Now in theory we might run this critical section into some special
section and we could restart it by updating regs->eip before returning
form the nmi. But that still leaves the unfixable window introduced by
the cpu not executing the tsc read and the do_single_shot_in atomically.
Given my recent experience with the lost tick compensation code that has
exactly the same window, I'm not optimistic it's going to keep the system
time uptodate accurately. Perhaps the apic is a lot faster and the error
won't propagate visibly. I'm not against trying but the thing about the
one-shot timer system time accuracy is a lot more complicated than this
pseudocode, and it's not obvious at all that your pseducode will work.
The only other way would be to use the 64bit tsc as the only source for
the system time (perhaps that's what you mean with the above
pseudocode?). But the calibration code would need changes to allow that.

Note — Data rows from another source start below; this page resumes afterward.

Lemma is_derive_Rintegral_sabs_dif e r Rr t : 0 < e -> 0 < r -> 0 < t ->
  is_derive t 1 (fun s => \int[mu]_(x in `[r, Rr]) sabs e (dif x s))
    (\int[mu]_(x in `[r, Rr]) (ssg e (dif x t) * dif_t x t)).
Proof.
move=> e0 r0 t0.
have t2_gt0 : 0 < t / 2 by rewrite divr_gt0.
have t_in : t / 2 < t < t + 1.
  by rewrite ltrDl ltr01 andbT ltr_pdivrMr // ltr_pMr // ltr1n.
have posx x : r <= x <= Rr -> 0 < x by case/andP => /(lt_le_trans r0).
have poss s : t / 2 <= s <= t + 1 -> 0 < s by case/andP => /(lt_le_trans t2_gt0).
have [M M_ub] : exists M : R, forall x s, r <= x <= Rr -> t / 2 <= s <= t + 1 ->
    `|dif_t x s| <= M.
  by apply: jcont_bounded => x s /posx x0 /poss s0; exact: jcont_dif_t.
have closeW s : t / 2 < s < t + 1 -> t / 2 <= s <= t + 1.
  by case/andP => t2s st1; rewrite !ltW.
apply: (is_derive_Rintegral (f := fun s x => sabs e (dif x s))
  (df := fun s x => ssg e (dif x s) * dif_t x s) (M := M) t_in)
  => [s /closeW /poss s0 | s x /closeW /poss s0 /posx x0 | s x /closeW s_in x_in].
- by apply: integrable_segment => x /posx x0; exact: continuous_sabs_dif_x.
- exact: (@is_derive1_comp _ _ (dif x) s _ _
    (is_derive_sabs _ e0) (is_derive_dif_t x0 s0)).
- by rewrite normrM -(mul1r M) ler_pM ?abs_ssg_le1 ?M_ub.
Qed.

Lemma Rintegral_sabs_dif_le e r Rr s t Mb Mbx :
  0 < e -> 0 < r -> r < Rr -> 0 < s -> s < t ->
  (forall x y, r <= x <= Rr -> s <= y <= t -> `|flux_coef_x x y| <= Mbx) ->
  (forall x y, r <= x <= Rr -> s <= y <= t -> `|flux_coef x y| <= Mb) ->
  \int[mu]_(x in `[r, Rr]) sabs e (dif x t) - \int[mu]_(x in `[r, Rr]) sabs e (dif x s) <=
  \int[mu]_(y in `[s, t]) (ssg_flux e Rr y - ssg_flux e r y
                           + e * (2 * Mb + (Rr - r) * Mbx)).
Proof.
move=> e0 r0 rR s0 st bx_le b_le.
have pos y : s <= y <= t -> 0 < y by case/andP => /(lt_le_trans s0).
have rRr : r <= r <= Rr by rewrite lexx ltW.
have rRR : r <= Rr <= Rr by rewrite lexx ltW.
apply: (sub_le_Rintegral_derive
  (F := fun y => \int[mu]_(x in `[r, Rr]) sabs e (dif x y))
  (dF := fun y => \int[mu]_(x in `[r, Rr]) (ssg e (dif x y) * dif_t x y)) st)
  => [|y /andP[sy yt]|y /andP[sy yt]|y /pos y0].
- apply: continuous_in_subspaceT => y /set_mem; rewrite /= in_itv => /pos y0.
  exact: is_derive_continuous (is_derive_Rintegral_sabs_dif Rr e0 r0 y0).
- exact: is_derive_Rintegral_sabs_dif (lt_trans s0 sy).
- have syt : s <= y <= t by rewrite !ltW.
  apply: Rintegral_ssg_dif_t_le => //; first exact: lt_trans s0 sy.
  + by move=> x rxR; exact: bx_le.
  + exact: b_le rRr syt.
  + exact: b_le rRR syt.
- apply: cvgD; last exact: cvg_cst.
  by apply: cvgB; apply: continuous_ssg_flux_t => //; exact: lt_trans rR.
Qed.

Lemma Rintegral_sabs_dif_bounds e r Rr t : 0 < e -> 0 < r -> r <= Rr -> 0 < t ->
  \int[mu]_(x in `[r, Rr]) `|dif x t| <= \int[mu]_(x in `[r, Rr]) sabs e (dif x t) <=
  \int[mu]_(x in `[r, Rr]) `|dif x t| + e * (Rr - r).
Proof.
move=> e0 r0 rRr t0.
have posx x : r <= x <= Rr -> 0 < x by case/andP => /(lt_le_trans r0).
have cabs x : r <= x <= Rr -> {for x, continuous (fun y => `|dif y t|)}.
  by move/posx => x0; exact: continuous_abs_dif_x.
have csabs x : r <= x <= Rr -> {for x, continuous (fun y => sabs e (dif y t))}.
  by move/posx => x0; exact: continuous_sabs_dif_x.
apply/andP; split.
  by apply: le_Rintegral_segment => x; [exact: cabs | exact: csabs | rewrite abs_le_sabs].
rewrite -Rintegral_segment_cst // -RintegralD_segment => [|//|x _]; last exact: cvg_cst.
apply: le_Rintegral_segment => x; first exact: csabs.
  by move=> rxR; apply: cvgD; [exact: cabs | exact: cvg_cst].
by move=> _; rewrite sabs_le_abs_add // ltW.
Qed.

Lemma Rintegral_abs_dif_le_eps r Rr s t : 0 < r -> r < Rr -> 0 < s -> s < t ->
  exists K, forall e, 0 < e ->
  \int[mu]_(x in `[r, Rr]) `|dif x t| + \int[mu]_(y in `[s, t]) ssg_flux e r y <=
  \int[mu]_(x in `[r, Rr]) `|dif x s| + \int[mu]_(y in `[s, t]) ssg_flux e Rr y + e * K.
Proof.
move=> r0 rR s0 st.
have posx x : r <= x <= Rr -> 0 < x by case/andP => /(lt_le_trans r0).
have posy y : s <= y <= t -> 0 < y by case/andP => /(lt_le_trans s0).
have [Mbx bx_le] : exists M : R, forall x y, r <= x <= Rr -> s <= y <= t ->
    `|flux_coef_x x y| <= M.
  by apply: jcont_bounded => x y /posx x0 /posy y0; exact: jcont_flux_coef_x.
have [Mb b_le] : exists M : R, forall x y, r <= x <= Rr -> s <= y <= t ->
    `|flux_coef x y| <= M.
  by apply: jcont_bounded => x y /posx x0 /posy y0; exact: jcont_flux_coef.
set C := 2 * Mb + (Rr - r) * Mbx.
exists (Rr - r + C * (t - s)) => e e0.
have time_le := Rintegral_sabs_dif_le e0 r0 rR s0 st bx_le b_le.
have [abs_le _] := andP (Rintegral_sabs_dif_bounds e0 r0 (ltW rR) (lt_trans s0 st)).
have [_ sabs_le] := andP (Rintegral_sabs_dif_bounds e0 r0 (ltW rR) s0).
have cfR y : s <= y <= t -> {for y, continuous (ssg_flux e Rr)}.
  by move/posy; apply: continuous_ssg_flux_t => //; exact: lt_trans rR.
have cfr y : s <= y <= t -> {for y, continuous (ssg_flux e r)}.
  by move/posy; exact: continuous_ssg_flux_t.
have flux_split : \int[mu]_(y in `[s, t]) (ssg_flux e Rr y - ssg_flux e r y + e * C) =
    \int[mu]_(y in `[s, t]) ssg_flux e Rr y - \int[mu]_(y in `[s, t]) ssg_flux e r y
    + e * C * (t - s).
  rewrite RintegralD_segment => [|y ys|y _]; last exact: cvg_cst.
    rewrite RintegralB ?Rintegral_segment_cst //; first exact: ltW.
      exact: integrable_segment cfR.
    exact: integrable_segment cfr.
  by apply: cvgB; [exact: cfR | exact: cfr].
rewrite flux_split in time_le.
have -> : e * (Rr - r + C * (t - s)) = e * (Rr - r) + e * C * (t - s) by ring.
lra.
Qed.
(* Let $\lambda=[2,2,2,2]$ and $\mu=[4,1,1,1,1,1,1,1,1]$ (one entry $4$ and eight entries $1$). Then $\lambda$ stably embeds into $\mu$ (indeed $\lambda\times\nu\hookrightarrow\mu\times\nu$ for $\nu=[2,1,1]$), but $\mu$ does not supermajorize $\lambda$ and $\lambda$ does not embed into $\mu$.
   Context: Partitions are finite nonincreasing sequences of positive integers. The product $\lambda\times\nu$ is the partition of all products $\lambda_i\nu_j$, reordered nonincreasingly. $\lambda=[\lambda_1,\ldots,\lambda_m]$ embeds into $\mu=[\mu_1,\ldots,\mu_n]$, written $\lambda\hookrightarrow\mu$, if there is a map $\varphi:\{1,\ldots,m\}\to\{1,\ldots,n\}$ with $\sum_{i\in\varphi^{-1}(j)}\lambda_i\le\mu_j$ for all $j$. $\lambda$ stably embeds into $\mu$ if there is a partition $\nu$ with $\lambda\times\nu\hookrightarrow\mu\times\nu$. $\mu$ supermajorizes $\lambda$ (written $\lambda\preccurlyeq_S\mu$) if for every $x\in\mathbb N$, $\sum_{\lambda_i\ge x}\lambda_i\le\sum_{\mu_j\ge x}\mu_j$. *)

From mathcomp Require Import all_boot.
Set Implicit Arguments. Unset Strict Implicit. Unset Printing Implicit Defensive.

Definition is_partition (s : seq nat) : bool :=
  sorted geq s && all (fun x => 0 < x) s.

Definition pprod (lam nu : seq nat) : seq nat :=
  sort geq [seq x * y | x <- lam, y <- nu].

Definition embeds (lam mu : seq nat) : Prop :=
  exists phi : 'I_(size lam) -> 'I_(size mu),
    forall j : 'I_(size mu),
      \sum_(i : 'I_(size lam) | phi i == j) nth 0 lam i <= nth 0 mu j.

Definition stably_embeds (lam mu : seq nat) : Prop :=
  exists nu : seq nat, is_partition nu /\ embeds (pprod lam nu) (pprod mu nu).

Definition supermajorizes (mu lam : seq nat) : Prop :=
  forall x : nat,
    \sum_(a <- lam | x <= a) a <= \sum_(b <- mu | x <= b) b.

(* An embedding sends each part a >= x of lam into a part of mu that is at
   least a >= x, and the parts sent into one part of mu fit inside it; summing
   over the parts of mu that are >= x shows that every embedding is a
   supermajorization.  Here the four parts 2 of lam would all have to go into
   the single part 4 of mu, which is too small, so lam does not embed into mu.
   After multiplying by nu = [2; 1; 1] the products are [4 (x4); 2 (x8)] and
   [8; 4; 4; 2 (x8); 1 (x16)], and an explicit embedding is checked by
   computation: two 4's into the 8, the other two 4's into the 4's, and each
   2 into its own 2. *)

From mathcomp Require Import all_boot.

Set Implicit Arguments.
Unset Strict Implicit.
Unset Printing Implicit Defensive.

Lemma embeds_supermajorizes (lam mu : seq nat) :
  embeds lam mu -> supermajorizes mu lam.
Proof.
move=> [phi fit_phi] x.
rewrite (big_nth 0) big_mkord (partition_big phi xpredT) //=.
rewrite [X in _ <= X](big_nth 0) big_mkord [X in _ <= X]big_mkcond /=.
apply: leq_sum => j _.
case: (leqP x (nth 0 mu j)) => [_ | mu_j_lt_x].
  apply: leq_trans (fit_phi j).
  rewrite [X in _ <= X](bigID (fun i : 'I_(size lam) => x <= nth 0 lam i)) /=.
  by rewrite big_andbC leq_addr.
rewrite leqn0; apply/eqP/big1 => i /andP[x_le_lam_i /eqP phi_i].
have lam_i_le_mu_j : nth 0 lam i <= nth 0 mu j.
  by rewrite -phi_i (leq_trans _ (fit_phi (phi i))) // (bigD1 i) ?leq_addr.
by move: mu_j_lt_x; rewrite ltnNge (leq_trans x_le_lam_i lam_i_le_mu_j).
Qed.

Definition embedding_certificate (phi lam mu : seq nat) : bool :=
  [&& size phi == size lam, all (gtn (size mu)) phi &
      all (fun j => sumn [seq nth 0 lam i | i <- iota 0 (size lam)
                                          & nth 0 phi i == j] <= nth 0 mu j)
          (iota 0 (size mu))].

Lemma embeds_of_certificate (phi lam mu : seq nat) :
  embedding_certificate phi lam mu -> embeds lam mu.
Proof.
case/and3P=> /eqP size_phi /allP phi_lt /allP fit_phi.
have phi_ord (i : 'I_(size lam)) : nth 0 phi i < size mu.
  by apply: phi_lt; rewrite mem_nth // size_phi.
exists (fun i => Ordinal (phi_ord i)) => j.
have := fit_phi j; rewrite mem_iota ltn_ord => /(_ isT).
by rewrite sumnE big_map big_filter -[X in iota 0 X]subn0 big_mkord.
Qed.

Theorem mainTheorem5 :
  let lam := [:: 2; 2; 2; 2] in
  let mu := [:: 4; 1; 1; 1; 1; 1; 1; 1; 1] in
  is_partition lam /\ is_partition mu /\
  stably_embeds lam mu /\
  embeds (pprod lam [:: 2; 1; 1]) (pprod mu [:: 2; 1; 1]) /\
  ~ supermajorizes mu lam /\
  ~ embeds lam mu.
Proof.
move=> lam mu.
have emb_nu : embeds (pprod lam [:: 2; 1; 1]) (pprod mu [:: 2; 1; 1]).
  by apply: (@embeds_of_certificate [:: 0; 0; 1; 2; 3; 4; 5; 6; 7; 8; 9; 10]).
have not_super : ~ supermajorizes mu lam.
  by move=> /(_ 2); rewrite !big_cons !big_nil.
do 2!split=> //.
split; first by exists [:: 2; 1; 1].
by do 2!split=> //; move/embeds_supermajorizes.
Qed.
Lemma addr_embedding_node : injective g ->
  (forall o : 'I_(size ls), addr_embedding (nth tm0 ls o) (nth tm0 lt (g o)) (Phi o)) ->
  addr_embedding (Node i ls) (Node i lt) (node_map g Phi).
Proof.
move=> ginj hPhi; split.
- move=> p /is_addr_nodeP[->|[o [p' -> hp]]] //.
  by rewrite node_map_cons /= ltn_ord (aemb_addr (hPhi o)).
- move=> p q /is_addr_nodeP[->|[o [p' -> hp]]] /is_addr_nodeP[->|[o' [q' -> hq]]] //;
    rewrite ?node_map_cons //= => -[/val_inj/ginj eoo]; subst o'.
  by move/(aemb_inj (hPhi o) hp hq) ->.
- move=> p q /is_addr_nodeP[->|[o [p' -> hp]]] /is_addr_nodeP[->|[o' [q' -> hq]]];
    rewrite ?lcps0 //.
  have [eoo|hoo] := eqVneq o o'.
    by subst o'; rewrite lcp_cons !node_map_cons lcp_cons (aemb_lcp (hPhi o) hp hq).
  rewrite !node_map_cons !lcp_cons_neq //.
  by apply: contra hoo => /eqP/val_inj/ginj->.
- move=> p /is_addr_nodeP[->|[o [p' -> hp]]] //.
  by rewrite node_map_cons /= (aemb_lab (hPhi o)).
- move=> p q r /is_addr_nodeP[->|[o [q' -> hq]]]; first by rewrite prefix1s0.
  case: p => [|a p'].
    rewrite prefix10s; case: q' hq => [|? []] // hq _ /is_addr_nodeP[->|[o' [r' -> hr]]] //.
    rewrite node_map_cons => _ /sprefix_consr[//|[r'' [/val_inj eo <-] hr'']]; subst o'.
    exact: (aemb_root (hPhi o)) hr hr''.
  case/prefix1_consl => _ [<- <-] hpq.
  move=> /is_addr_nodeP[->|[o' [r' -> hr]]]; first by rewrite sprefixs0.
  rewrite !node_map_cons => /sprefix_consl[_ [/val_inj eo <-] hpr]; subst o'.
  by rewrite sprefix_cons; apply: (aemb_gap (hPhi o)) hq hpq hr hpr.
- by move=> r _; rewrite sprefixs0.
Qed.

Lemma addr_onto_node : (forall y, exists x, g x = y) ->
  (forall o : 'I_(size ls), addr_onto (nth tm0 ls o) (nth tm0 lt (g o)) (Phi o)) ->
  addr_onto (Node i ls) (Node i lt) (node_map g Phi).
Proof.
move=> gsurj honto r /is_addr_nodeP[->|[o [r' -> hr]]]; first by exists [::].
have [x gx] := gsurj o; subst o; have [p' hp <-] := honto x _ hr.
by exists (val x :: p'); rewrite ?node_map_cons //= ltn_ord.
Qed.

End NodeMap.

Lemma aemb_prefix_root s t phi p :
  addr_embedding s t phi -> is_addr s p -> prefix (phi [::]) (phi p).
Proof. by move=> hphi hp; rewrite (aemb_prefix hphi) ?prefix0s. Qed.

Lemma addr_embedding_behead s j lt phi b psi :
  addr_embedding s (Node j lt) phi -> (forall p, is_addr s p -> phi p = b :: psi p) ->
  addr_embedding s (nth tm0 lt b) psi.
Proof.
move=> [haddr hinj hlcp hlab hgap hroot] hphi.
have haddr' p : is_addr s p -> is_addr (Node j lt) (b :: psi p).
  by move=> hp; rewrite -hphi ?haddr.
split.
- by move=> p /haddr' /andP[].
- by move=> p q hp hq hpq; apply: hinj; rewrite ?hphi ?hpq.
- move=> p q hp hq; have hl := is_addr_prefix hp (lcp_prefixl p q).
  by have := hlcp _ _ hp hq; rewrite !hphi // lcp_cons => -[].
- by move=> p hp; rewrite -hlab // hphi.
- move=> p q r hq hpq hr; have hp := is_addr_prefix hq (proj1 (andP hpq)).
  have hbr : is_addr (Node j lt) (b :: r) by have /andP[hb _] := haddr' _ hp; apply/andP.
  by have := hgap p q _ hq hpq hbr; rewrite !hphi // !sprefix_cons.
- move=> r hr; have hbr : is_addr (Node j lt) (b :: r).
    by have /andP[hb _] := haddr' _ (erefl : is_addr s [::]); apply/andP.
  by have := hroot _ hbr; rewrite hphi // sprefix_cons.
Qed.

Today we use the calibration divisor only in a small range so the
calibration can be quick and this way changing CPU frequency to the cpu
is also easier.
Even before thinking at using the one-shot timer, I would like to
fix the lost tick compensation of current production 2.6.9, only then we
can talk about tickless by using a one-shot timer. If we can't do the
lost-tick compensation without screwing the system time, I don't see how
we can do the one-shot timer without screwing the system time.
The lost tick compensation as well could be avoided if we use the TSC as
the source for gettimeofday and we ignore the PIT completely and we use
the PIT only to wakeup the cpu once in a while. *Then* we could convert
the PIT to a one-shot timer trivially too, but as said above the
accuracy of the divisor isn't enough and I've no idea if we can get a
real calibration that lasts more than a few hours.
My fast_gettimeoffset_quotient is set to 0x2f0271, that means the last
significant bit of the fast_gettimeoffset_quotient will showup in the
gettimeofday last singificant bit, after the tsc counted 2**32 ticks,
that means after less then 4 seconds in my computers at >1ghz. That's
why the gettimeoffset will never return anything longer than 1/HZ, so
the error cannot propagate in userspace.